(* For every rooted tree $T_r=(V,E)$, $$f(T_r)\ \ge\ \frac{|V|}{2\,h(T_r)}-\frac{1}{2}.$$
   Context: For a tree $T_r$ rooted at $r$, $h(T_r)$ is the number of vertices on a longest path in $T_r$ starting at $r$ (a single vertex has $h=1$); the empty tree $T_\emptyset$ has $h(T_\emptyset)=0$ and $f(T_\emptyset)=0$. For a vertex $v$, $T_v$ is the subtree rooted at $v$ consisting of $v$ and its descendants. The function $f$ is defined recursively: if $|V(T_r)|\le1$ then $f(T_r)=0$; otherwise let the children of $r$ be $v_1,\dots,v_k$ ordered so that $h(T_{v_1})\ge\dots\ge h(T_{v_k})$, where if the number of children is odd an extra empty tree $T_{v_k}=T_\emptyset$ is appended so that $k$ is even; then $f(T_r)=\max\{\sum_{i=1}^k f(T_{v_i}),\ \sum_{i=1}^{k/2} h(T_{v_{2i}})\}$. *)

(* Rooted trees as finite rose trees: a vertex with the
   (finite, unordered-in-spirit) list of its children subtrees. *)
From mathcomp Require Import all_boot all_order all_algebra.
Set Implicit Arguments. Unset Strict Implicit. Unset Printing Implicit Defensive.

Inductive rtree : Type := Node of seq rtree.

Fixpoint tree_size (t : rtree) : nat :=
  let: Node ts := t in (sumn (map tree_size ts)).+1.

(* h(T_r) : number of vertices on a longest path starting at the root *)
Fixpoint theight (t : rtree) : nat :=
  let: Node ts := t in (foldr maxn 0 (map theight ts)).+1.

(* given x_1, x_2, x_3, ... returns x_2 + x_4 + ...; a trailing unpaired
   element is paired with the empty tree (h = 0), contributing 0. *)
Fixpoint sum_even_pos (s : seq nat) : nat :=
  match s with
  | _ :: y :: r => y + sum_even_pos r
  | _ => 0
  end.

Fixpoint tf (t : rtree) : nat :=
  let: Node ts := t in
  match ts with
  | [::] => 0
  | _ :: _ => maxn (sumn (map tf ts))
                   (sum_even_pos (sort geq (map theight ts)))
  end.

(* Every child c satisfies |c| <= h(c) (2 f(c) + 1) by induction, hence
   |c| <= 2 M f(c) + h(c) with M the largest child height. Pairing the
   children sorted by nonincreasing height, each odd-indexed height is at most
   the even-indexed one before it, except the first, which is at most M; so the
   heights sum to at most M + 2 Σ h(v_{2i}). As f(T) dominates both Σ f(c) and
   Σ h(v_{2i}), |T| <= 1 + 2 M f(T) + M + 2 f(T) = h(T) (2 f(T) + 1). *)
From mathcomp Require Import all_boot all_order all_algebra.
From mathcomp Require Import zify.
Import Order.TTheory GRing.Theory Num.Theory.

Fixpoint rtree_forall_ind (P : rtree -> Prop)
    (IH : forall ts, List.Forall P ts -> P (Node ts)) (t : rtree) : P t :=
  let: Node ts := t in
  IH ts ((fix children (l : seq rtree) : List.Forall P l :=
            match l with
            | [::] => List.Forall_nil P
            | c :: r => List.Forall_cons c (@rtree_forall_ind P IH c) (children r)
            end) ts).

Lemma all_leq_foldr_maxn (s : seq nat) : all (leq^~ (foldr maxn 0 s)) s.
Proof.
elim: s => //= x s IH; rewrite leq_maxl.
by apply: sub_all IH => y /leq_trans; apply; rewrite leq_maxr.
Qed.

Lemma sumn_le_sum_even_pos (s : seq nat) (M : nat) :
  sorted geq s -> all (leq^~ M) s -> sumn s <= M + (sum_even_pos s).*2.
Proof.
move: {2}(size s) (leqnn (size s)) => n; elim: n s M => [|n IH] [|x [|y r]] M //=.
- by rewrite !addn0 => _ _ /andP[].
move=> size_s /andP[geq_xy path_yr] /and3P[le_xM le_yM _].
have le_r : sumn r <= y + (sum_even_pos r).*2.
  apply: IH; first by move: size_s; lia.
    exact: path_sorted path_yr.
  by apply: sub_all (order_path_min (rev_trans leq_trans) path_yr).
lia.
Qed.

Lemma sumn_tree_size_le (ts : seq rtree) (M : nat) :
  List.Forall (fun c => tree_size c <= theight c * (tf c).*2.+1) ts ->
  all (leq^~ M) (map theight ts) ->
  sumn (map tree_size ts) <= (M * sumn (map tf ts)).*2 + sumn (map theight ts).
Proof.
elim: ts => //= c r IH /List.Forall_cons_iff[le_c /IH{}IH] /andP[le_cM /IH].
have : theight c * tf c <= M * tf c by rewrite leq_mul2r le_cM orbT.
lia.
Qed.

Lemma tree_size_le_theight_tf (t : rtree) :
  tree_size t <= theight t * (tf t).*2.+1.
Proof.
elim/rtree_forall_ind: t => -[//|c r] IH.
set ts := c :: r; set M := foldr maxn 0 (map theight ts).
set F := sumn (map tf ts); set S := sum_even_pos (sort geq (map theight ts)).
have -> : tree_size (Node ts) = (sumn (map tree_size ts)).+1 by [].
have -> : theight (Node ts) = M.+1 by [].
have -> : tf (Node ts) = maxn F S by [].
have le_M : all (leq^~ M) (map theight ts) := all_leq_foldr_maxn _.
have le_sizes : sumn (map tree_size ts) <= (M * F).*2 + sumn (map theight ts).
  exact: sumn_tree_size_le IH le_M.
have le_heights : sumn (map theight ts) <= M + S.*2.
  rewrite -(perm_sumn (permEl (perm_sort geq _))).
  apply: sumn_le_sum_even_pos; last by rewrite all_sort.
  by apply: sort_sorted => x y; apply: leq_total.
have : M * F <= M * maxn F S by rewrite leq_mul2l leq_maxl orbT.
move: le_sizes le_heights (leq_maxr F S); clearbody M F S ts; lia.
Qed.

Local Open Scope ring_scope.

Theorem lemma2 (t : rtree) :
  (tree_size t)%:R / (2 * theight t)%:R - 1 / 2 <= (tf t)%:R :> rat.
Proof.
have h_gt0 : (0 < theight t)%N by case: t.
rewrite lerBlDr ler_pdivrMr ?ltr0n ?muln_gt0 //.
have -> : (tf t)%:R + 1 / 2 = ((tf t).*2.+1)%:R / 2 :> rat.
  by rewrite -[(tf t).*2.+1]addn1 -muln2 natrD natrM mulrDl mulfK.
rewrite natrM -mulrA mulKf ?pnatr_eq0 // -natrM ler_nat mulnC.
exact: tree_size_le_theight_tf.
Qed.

* _What the task requires_
Make sure that every entry above is copied out exactly as it stands.

* _Response below_
(* For every rooted tree $T_r=(V,E)$, $$f(T_r)\ \ge\ \frac{|V|}{2\,h(T_r)}-\frac{1}{2}.$$
   Context: For a tree $T_r$ rooted at $r$, $h(T_r)$ is the number of vertices on a longest path in $T_r$ starting at $r$ (a single vertex has $h=1$); the empty tree $T_\emptyset$ has $h(T_\emptyset)=0$ and $f(T_\emptyset)=0$. For a vertex $v$, $T_v$ is the subtree rooted at $v$ consisting of $v$ and its descendants. The function $f$ is defined recursively: if $|V(T_r)|\le1$ then $f(T_r)=0$; otherwise let the children of $r$ be $v_1,\dots,v_k$ ordered so that $h(T_{v_1})\ge\dots\ge h(T_{v_k})$, where if the number of children is odd an extra empty tree $T_{v_k}=T_\emptyset$ is appended so that $k$ is even; then $f(T_r)=\max\{\sum_{i=1}^k f(T_{v_i}),\ \sum_{i=1}^{k/2} h(T_{v_{2i}})\}$. *)

(* Rooted trees as finite rose trees: a vertex with the
   (finite, unordered-in-spirit) list of its children subtrees. *)
From mathcomp Require Import all_boot all_order all_algebra.
Set Implicit Arguments. Unset Strict Implicit. Unset Printing Implicit Defensive.

Inductive rtree : Type := Node of seq rtree.

Fixpoint tree_size (t : rtree) : nat :=
  let: Node ts := t in (sumn (map tree_size ts)).+1.

(* h(T_r) : number of vertices on a longest path starting at the root *)
Fixpoint theight (t : rtree) : nat :=
  let: Node ts := t in (foldr maxn 0 (map theight ts)).+1.

(* given x_1, x_2, x_3, ... returns x_2 + x_4 + ...; a trailing unpaired
   element is paired with the empty tree (h = 0), contributing 0. *)
Fixpoint sum_even_pos (s : seq nat) : nat :=
  match s with
  | _ :: y :: r => y + sum_even_pos r
  | _ => 0
  end.

Fixpoint tf (t : rtree) : nat :=
  let: Node ts := t in
  match ts with
  | [::] => 0
  | _ :: _ => maxn (sumn (map tf ts))
                   (sum_even_pos (sort geq (map theight ts)))
  end.

(* Every child c satisfies |c| <= h(c) (2 f(c) + 1) by induction, hence
   |c| <= 2 M f(c) + h(c) with M the largest child height. Pairing the
   children sorted by nonincreasing height, each odd-indexed height is at most
   the even-indexed one before it, except the first, which is at most M; so the
   heights sum to at most M + 2 Σ h(v_{2i}). As f(T) dominates both Σ f(c) and
   Σ h(v_{2i}), |T| <= 1 + 2 M f(T) + M + 2 f(T) = h(T) (2 f(T) + 1). *)
From mathcomp Require Import all_boot all_order all_algebra.
From mathcomp Require Import zify.
Import Order.TTheory GRing.Theory Num.Theory.

Fixpoint rtree_forall_ind (P : rtree -> Prop)
    (IH : forall ts, List.Forall P ts -> P (Node ts)) (t : rtree) : P t :=
  let: Node ts := t in
  IH ts ((fix children (l : seq rtree) : List.Forall P l :=
            match l with
            | [::] => List.Forall_nil P
            | c :: r => List.Forall_cons c (@rtree_forall_ind P IH c) (children r)
            end) ts).

Lemma all_leq_foldr_maxn (s : seq nat) : all (leq^~ (foldr maxn 0 s)) s.
Proof.
elim: s => //= x s IH; rewrite leq_maxl.
by apply: sub_all IH => y /leq_trans; apply; rewrite leq_maxr.
Qed.

Lemma sumn_le_sum_even_pos (s : seq nat) (M : nat) :
  sorted geq s -> all (leq^~ M) s -> sumn s <= M + (sum_even_pos s).*2.
Proof.
move: {2}(size s) (leqnn (size s)) => n; elim: n s M => [|n IH] [|x [|y r]] M //=.
- by rewrite !addn0 => _ _ /andP[].
move=> size_s /andP[geq_xy path_yr] /and3P[le_xM le_yM _].
have le_r : sumn r <= y + (sum_even_pos r).*2.
  apply: IH; first by move: size_s; lia.
    exact: path_sorted path_yr.
  by apply: sub_all (order_path_min (rev_trans leq_trans) path_yr).
lia.
Qed.

Lemma sumn_tree_size_le (ts : seq rtree) (M : nat) :
  List.Forall (fun c => tree_size c <= theight c * (tf c).*2.+1) ts ->
  all (leq^~ M) (map theight ts) ->
  sumn (map tree_size ts) <= (M * sumn (map tf ts)).*2 + sumn (map theight ts).
Proof.
elim: ts => //= c r IH /List.Forall_cons_iff[le_c /IH{}IH] /andP[le_cM /IH].
have : theight c * tf c <= M * tf c by rewrite leq_mul2r le_cM orbT.
lia.
Qed.

Lemma tree_size_le_theight_tf (t : rtree) :
  tree_size t <= theight t * (tf t).*2.+1.
Proof.
elim/rtree_forall_ind: t => -[//|c r] IH.
set ts := c :: r; set M := foldr maxn 0 (map theight ts).
set F := sumn (map tf ts); set S := sum_even_pos (sort geq (map theight ts)).
have -> : tree_size (Node ts) = (sumn (map tree_size ts)).+1 by [].
have -> : theight (Node ts) = M.+1 by [].
have -> : tf (Node ts) = maxn F S by [].
have le_M : all (leq^~ M) (map theight ts) := all_leq_foldr_maxn _.
have le_sizes : sumn (map tree_size ts) <= (M * F).*2 + sumn (map theight ts).
  exact: sumn_tree_size_le IH le_M.
have le_heights : sumn (map theight ts) <= M + S.*2.
  rewrite -(perm_sumn (permEl (perm_sort geq _))).
  apply: sumn_le_sum_even_pos; last by rewrite all_sort.
  by apply: sort_sorted => x y; apply: leq_total.
have : M * F <= M * maxn F S by rewrite leq_mul2l leq_maxl orbT.
move: le_sizes le_heights (leq_maxr F S); clearbody M F S ts; lia.
Qed.

Local Open Scope ring_scope.

Theorem lemma2 (t : rtree) :
  (tree_size t)%:R / (2 * theight t)%:R - 1 / 2 <= (tf t)%:R :> rat.
Proof.
have h_gt0 : (0 < theight t)%N by case: t.
rewrite lerBlDr ler_pdivrMr ?ltr0n ?muln_gt0 //.
have -> : (tf t)%:R + 1 / 2 = ((tf t).*2.+1)%:R / 2 :> rat.
  by rewrite -[(tf t).*2.+1]addn1 -muln2 natrD natrM mulrDl mulfK.
rewrite natrM -mulrA mulKf ?pnatr_eq0 // -natrM ler_nat mulnC.
exact: tree_size_le_theight_tf.
Qed.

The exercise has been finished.